By clicking “Sign up for GitHub”, you agree to our terms of service and privacy statement. We’ll occasionally send you account related emails.

Already on GitHub? Sign in to your account

Hard to look for Halloween #1493

Open
jidanni opened this issue Nov 5, 2021 · 17 comments
Open

Hard to look for Halloween #1493

jidanni opened this issue Nov 5, 2021 · 17 comments

Comments

@jidanni
Copy link

jidanni commented Nov 5, 2021

Hard to look for Halloween.

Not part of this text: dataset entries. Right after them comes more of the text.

Lemma integral_normr_dotc_le f g t : cmeasurable f -> cmeasurable g -> 0 < t ->
  (\int[mu]_x (`|dotc (f x) (g x)|)%:E <=
   (t / 2)%:E * L2norm2 f + (1 / (2 * t))%:E * L2norm2 g)%E.
Proof.
move=> mf mg t0; apply: integral_le_comb => //.
- by rewrite divr_ge0 // ltW.
- by rewrite divr_ge0 // mulr_ge0 // ltW.
- exact: measurableT_comp (@normr_measurable R setT) (measurable_dotc mf mg).
- exact: measurable_cabs2.
- exact: measurable_cabs2.
- by move=> x; exact: cabs2_ge0.
- by move=> x; exact: cabs2_ge0.
- by move=> x; exact: normr_dotc_le.
Qed.

Lemma normr_dotL2_le f g t : cmeasurable f -> cmeasurable g -> 0 < t ->
  ((`|dotL2 f g|)%:E <= (t / 2)%:E * L2norm2 f + (1 / (2 * t))%:E * L2norm2 g)%E.
Proof.
move=> mf mg t0; apply: le_trans (integral_normr_dotc_le mf mg t0).
rewrite /dotL2 /Rintegral.
have [fin|nfin] := boolP ((\int[mu]_x (dotc (f x) (g x))%:E)%E \is a fin_num).
  rewrite -(abse_EFin (fine _)) fineK //; apply: le_abse_integral => //.
  by apply/measurable_EFinP; exact: measurable_dotc.
rewrite (_ : fine _ = 0); last by move: nfin; case: (\int[mu]_x _)%E.
by rewrite normr0; apply: integral_ge0 => x _; rewrite lee_fin.
Qed.

Lemma integrable_dotc f g : in_L2 mu f -> in_L2 mu g ->
  mu.-integrable setT (EFin \o (fun x => dotc (f x) (g x))).
Proof.
move=> hf hg; have mf := in_L2_cmeasurable hf; have mg := in_L2_cmeasurable hg.
apply/integrableP; split; first by apply/measurable_EFinP; exact: measurable_dotc.
apply: le_lt_trans (integral_normr_dotc_le mf mg ltr01) _.
exact: L2norm2_comb_lty.
Qed.

Lemma dotL2C f g : dotL2 f g = dotL2 g f.
Proof. by apply: eq_Rintegral => x _; rewrite /dotc mulrC (mulrC (Im (f x))). Qed.

Lemma dotL2Dl f1 f2 g : in_L2 mu f1 -> in_L2 mu f2 -> in_L2 mu g ->
  dotL2 (fun x => f1 x + f2 x) g = dotL2 f1 g + dotL2 f2 g.
Proof.
move=> h1 h2 hg; rewrite /dotL2 -RintegralD ?integrable_dotc //.
by apply: eq_Rintegral => x _; rewrite /dotc !raddfD /=; ring.
Qed.

Lemma dotL2Bl f1 f2 g : in_L2 mu f1 -> in_L2 mu f2 -> in_L2 mu g ->
  dotL2 (fun x => f1 x - f2 x) g = dotL2 f1 g - dotL2 f2 g.
Proof.
move=> h1 h2 hg; rewrite /dotL2 -RintegralB ?integrable_dotc //.
by apply: eq_Rintegral => x _; rewrite /dotc !raddfB /=; ring.
Qed.

Lemma dotL2Br f g1 g2 : in_L2 mu f -> in_L2 mu g1 -> in_L2 mu g2 ->
  dotL2 f (fun x => g1 x - g2 x) = dotL2 f g1 - dotL2 f g2.
Proof. by move=> *; rewrite dotL2C dotL2Bl // dotL2C (dotL2C g2). Qed.

Lemma dotL2_0l g : dotL2 (fun _ => 0) g = 0.
Proof.
rewrite /dotL2 (_ : (fun x => dotc 0 (g x)) = fun _ => 0) ?Rintegral_cst ?mul0r //.
by apply/funext => x; rewrite /dotc /= !mul0r addr0.
Qed.

Lemma dotL2_suml (I : Type) (r : seq I) (F : I -> R -> R[i]) g :
  (forall j, in_L2 mu (F j)) -> in_L2 mu g ->
  dotL2 (fun x => \sum_(j <- r) F j x) g = \sum_(j <- r) dotL2 (F j) g.
Proof.
move=> hF hg; elim: r => [|a r IH].
  by rewrite big_nil -(dotL2_0l g); congr dotL2; apply/funext => x; rewrite big_nil.
rewrite big_cons -IH -dotL2Dl //; last exact: in_L2_sum.
by congr dotL2; apply/funext => x; rewrite big_cons.
Qed.

Lemma dotL2_sumr (I : Type) (r : seq I) (F : I -> R -> R[i]) g :
  (forall j, in_L2 mu (F j)) -> in_L2 mu g ->
  dotL2 g (fun x => \sum_(j <- r) F j x) = \sum_(j <- r) dotL2 g (F j).
Proof.
by move=> hF hg; rewrite dotL2C dotL2_suml //; apply: eq_bigr => j _; exact: dotL2C.
Qed.

Lemma dotL2_self h : dotL2 h h = fine (L2norm2 h).
Proof. by []. Qed.

Lemma integrable_cosM (c : R) : mu.-integrable setT (EFin \o (fun x => cos (c * x))).
Proof.
apply: (@le_integrable _ _ _ mu setT measurableT _ (EFin \o cst 1)).
- by apply/measurable_EFinP; exact: measurable_cosM.
- by move=> x _; rewrite /= lee_fin normr1 cos_max.
- exact: finite_measure_integrable_cst.
Qed.

Lemma integrable_sinM (c : R) : mu.-integrable setT (EFin \o (fun x => sin (c * x))).
Proof.
apply: (@le_integrable _ _ _ mu setT measurableT _ (EFin \o cst 1)).
- by apply/measurable_EFinP; exact: measurable_sinM.
- by move=> x _; rewrite /= lee_fin normr1 sin_max.
- exact: finite_measure_integrable_cst.
Qed.

Lemma dotL2_ek (a b : R[i]) (j k : int) :
  dotL2 (fun x => a * ek j x) (fun x => b * ek k x) =
  Re (a * b^*%C * cintegral mu (ek (j - k))).
Proof.
set p := a * b^*%C; set c : R := 2 * pi * (j - k)%:~R.
rewrite /dotL2 (_ : (fun x => _) = fun x => Re p * cos (c * x) - Im p * sin (c * x)).
  have icos := integrableZl measurableT (Re p) (integrable_cosM c).
  have isin := integrableZl measurableT (Im p) (integrable_sinM c).
  rewrite RintegralB // !RintegralZl ?integrable_cosM ?integrable_sinM //.
  by rewrite complexReM.
apply/funext => x; rewrite /dotc /p /c /ek !complexReM !complexImM /=; clear p c.
rewrite (_ : 2 * pi * (j - k)%:~R * x = 2 * pi * j%:~R * x - 2 * pi * k%:~R * x).
  by rewrite cosB sinB; case: a => a1 a2; case: b => b1 b2 /=; ring.
by rewrite intrB; ring.
Qed.

End L2.

Lemma finite_set_uniq_seq (T : choiceType) (A : set T) :
  finite_set A -> exists2 r : seq T, uniq r & A `<=` [set` r].
Proof.
by case/finite_fsetP => X ->; exists (finmap.enum_fset X).
Qed.

Section FiniteSupport.
Variable R : realType.
Implicit Types (c d : int -> R[i]).

Lemma finsupp0 : finsupp (fun _ : int => 0 : R[i]).
Proof.
rewrite /finsupp (_ : [set k | _] = set0) //.
by apply/seteqP; split => k //=; rewrite eqxx.
Qed.

Lemma finsupp_lin (a : R[i]) c d : finsupp c -> finsupp d ->
  finsupp (fun k => a * c k + d k).
Proof.
move=> fc fd; have fcd : finite_set ([set k | c k != 0] `|` [set k | d k != 0]).
  by rewrite finite_setU.
apply: (sub_finite_set _ fcd) => k /=.
by have [->|ck] := eqVneq (c k) 0; [rewrite mulr0 add0r; right|left].
Qed.

Lemma finsupp_sub c d : finsupp c -> finsupp d -> finsupp (fun k => c k - d k).
Proof.
move=> fc fd; have := finsupp_lin (-1) fd fc.
by congr finsupp; apply/funext => k; rewrite mulN1r addrC.
Qed.

Lemma Fop_seq c (r : seq int) x : uniq r -> [set k | c k != 0] `<=` [set` r] ->
  Fop c x = \sum_(k <- r) c k * ek k x.
Proof.
move=> ur cr; rewrite /Fop fsbig_supp (fsbig_fwiden r) //.
- move=> k [_ /= nz]; apply: cr; apply/eqP => ck0; apply: nz.
  by rewrite /= ck0 mul0r.
- move=> k [_ hk] /=; have [//|nz] := eqVneq (c k * ek k x) 0.
  by exfalso; apply: hk; split => //; exact/eqP.
Qed.

Lemma Fop0 x : Fop (fun _ : int => 0 : R[i]) x = 0.
Proof. by rewrite (@Fop_seq _ [::]) ?big_nil // => k /=; rewrite eqxx. Qed.

Lemma Fop_lin (a : R[i]) c d x : finsupp c -> finsupp d ->
  Fop (fun k => a * c k + d k) x = a * Fop c x + Fop d x.
Proof.
move=> fc fd; have fcd : finite_set ([set k | c k != 0] `|` [set k | d k != 0]).
  by rewrite finite_setU.
have [r ur cdr] := finite_set_uniq_seq fcd.
have cr : [set k | c k != 0] `<=` [set` r] by move=> k ck; apply: cdr; left.
have dr : [set k | d k != 0] `<=` [set` r] by move=> k dk; apply: cdr; right.
rewrite !(@Fop_seq _ r) //; last first.
  move=> k /= h; have [ck|ck] := eqVneq (c k) 0; last exact: cr.
  by apply: dr; move: h; rewrite /= ck mulr0 add0r.
rewrite mulr_sumr -big_split /=; apply: eq_bigr => k _; ring.
Qed.

Lemma Fop_sub c d x : finsupp c -> finsupp d ->
  Fop (fun k => c k - d k) x = Fop c x - Fop d x.
Proof.
move=> fc fd; have := Fop_lin (-1) x fd fc.
rewrite mulN1r addrC => <-; congr Fop; apply/funext => k; ring.
Qed.

Lemma in_L2_Fop (mu : {finite_measure set R -> \bar R}) c : finsupp c -> in_L2 mu (Fop c).
Proof.
move=> fc; have [r ur cr] := finite_set_uniq_seq fc.
rewrite (_ : Fop c = fun x => \sum_(k <- r) c k * ek k x).
  by apply: in_L2_sum => k; apply: in_L2Z; exact: in_L2_ek.
by apply/funext => x; exact: Fop_seq.
Qed.

End FiniteSupport.

Section NullLimit.
Variable R : realType.
Variable mu : {finite_measure set R -> \bar R}.
Variable M : R.
Hypothesis moments_sum : (\esum_(k in [set: int]) (cabs2 (cintegral mu (ek k)))%:E = M%:E)%E.

Lemma sum_cabs2_cintegral_le (k : int) (r : seq int) : uniq r ->
  \sum_(j <- r) cabs2 (cintegral mu (ek (j - k))) <= M.
Proof.
move=> ur; rewrite -lee_fin -moments_sum.
rewrite (_ : \sum_(j <- r) _ = \sum_(i <- map (fun j => j - k) r) cabs2 (cintegral mu (ek i))).
  by apply: sum_le_esum => [|i]; [rewrite map_inj_uniq // => i j /addIr|exact: cabs2_ge0].
by rewrite big_map.
Qed.

Lemma normr_dotL2_Fop_ek_le (w : int -> R[i]) (r : seq int) (s : R[i]) k t :
  0 < t -> uniq r -> [set j | w j != 0] `<=` [set` r] ->
  `|dotL2 mu (Fop w) (fun x => s * ek k x)| <=
  t / 2 * \sum_(j <- r) cabs2 (w j) + 1 / (2 * t) * (cabs2 s * M).
Proof.
move=> t0 ur wr.
have ekL2 (a : R[i]) j : in_L2 mu (fun x => a * ek j x) by apply: in_L2Z; exact: in_L2_ek.
rewrite (_ : Fop w = fun x => \sum_(j <- r) w j * ek j x); last first.
  by apply/funext => x; exact: Fop_seq.
rewrite dotL2_suml //; under eq_bigr do rewrite dotL2_ek -mulrA.
apply: le_trans (ler_norm_sum _ _ _) _.
apply: (@le_trans _ _ (\sum_(j <- r) (t / 2 * cabs2 (w j) +
    1 / (2 * t) * (cabs2 s * cabs2 (cintegral mu (ek (j - k))))))).
  apply: ler_sum => j _; apply: le_trans (normr_ReM_le _ _ t0) _.
  by rewrite cabs2M cabs2_conjc.
rewrite big_split /= -!mulr_sumr lerD2l.
apply: ler_wpM2l; first by rewrite divr_ge0 // mulr_ge0 // ltW.
by apply: ler_wpM2l; [exact: cabs2_ge0|exact: sum_cabs2_cintegral_le].
Qed.

Variables (h : R -> R[i]) (w : nat -> int -> R[i]).
Hypotheses (hL2 : in_L2 mu h) (w_finsupp : forall n, finsupp (w n)).
Hypothesis w_cvg0 : l2dist2 (w n) (fun _ => 0) @[n --> \oo] --> 0%E.
Hypothesis Fop_w_cvg : L2dist2 mu h (Fop (w n)) @[n --> \oo] --> 0%E.

Lemma near_sum_cabs2_w_le e : 0 < e ->
  \forall n \near \oo, forall r, uniq r -> \sum_(j <- r) cabs2 (w n j) <= e.
Proof.
move=> e0; have w0 n : (0 <= l2dist2 (w n) (fun _ => 0%R))%E.
  by apply: esum_ge0 => k _; rewrite lee_fin cabs2_ge0.
apply: filterS ((nonneg_cvg0P w0).1 w_cvg0 e e0) => n wn r ur.
rewrite -lee_fin; apply: le_trans wn; under eq_bigr do rewrite -[w n _]subr0.
by apply: sum_le_esum => // j; exact: cabs2_ge0.
Qed.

Look is scared to look for it.
Man page says

       -f, --ignore-case
           Ignore the case of alphabetic characters. This is on by default if
           no file is specified.

Well all I know is

$ look Halloween
$ look -f Halloween
$ look Halloween /usr/share/dict/words
Halloween
Halloween's
$ look -f Halloween /usr/share/dict/words
$ look --version
look from util-linux 2.37.2
@jidanni
Copy link
Author

jidanni commented Nov 5, 2021

So I have proven, -f or not, some other factor not mentioned on the man page is at work behind the scenes/screens.

@karelzak
Copy link
Collaborator

$ look Halloween
Hallowe'en
Halloween
hallow-e'en
halloween
halloweens

$ look -f Halloween
Hallowe'en
Halloween
hallow-e'en
halloween
halloweens

$ look Halloween /usr/share/dict/words
$  look -f Halloween /usr/share/dict/words
halloween
halloweens

$  look --version
look from util-Linux 2.37.2

What distro? And how the words file has been composed?

For example on Fedora we use data from Moby Project (now available on archive.org only) and it's sorted by

cd mwords
dos2unix -o *; chmod a+r *
cat [1-9]*.??? | egrep --invert-match "'s$" | egrep  "^[[:alnum:]'&!,./-]+$" | sort --ignore-case --dictionary-order | uniq > moby

This is copy & paste from Fedora words spec file, important is "--ignore-case --dictionary-order".

@karelzak
Copy link
Collaborator

It seems that "look Halloween /usr/share/dict/words" which returns nothing in my example is a bug.

@jidanni
Copy link
Author

jidanni commented Nov 16, 2021

What distro?

Debian.

And how the words file has been composed?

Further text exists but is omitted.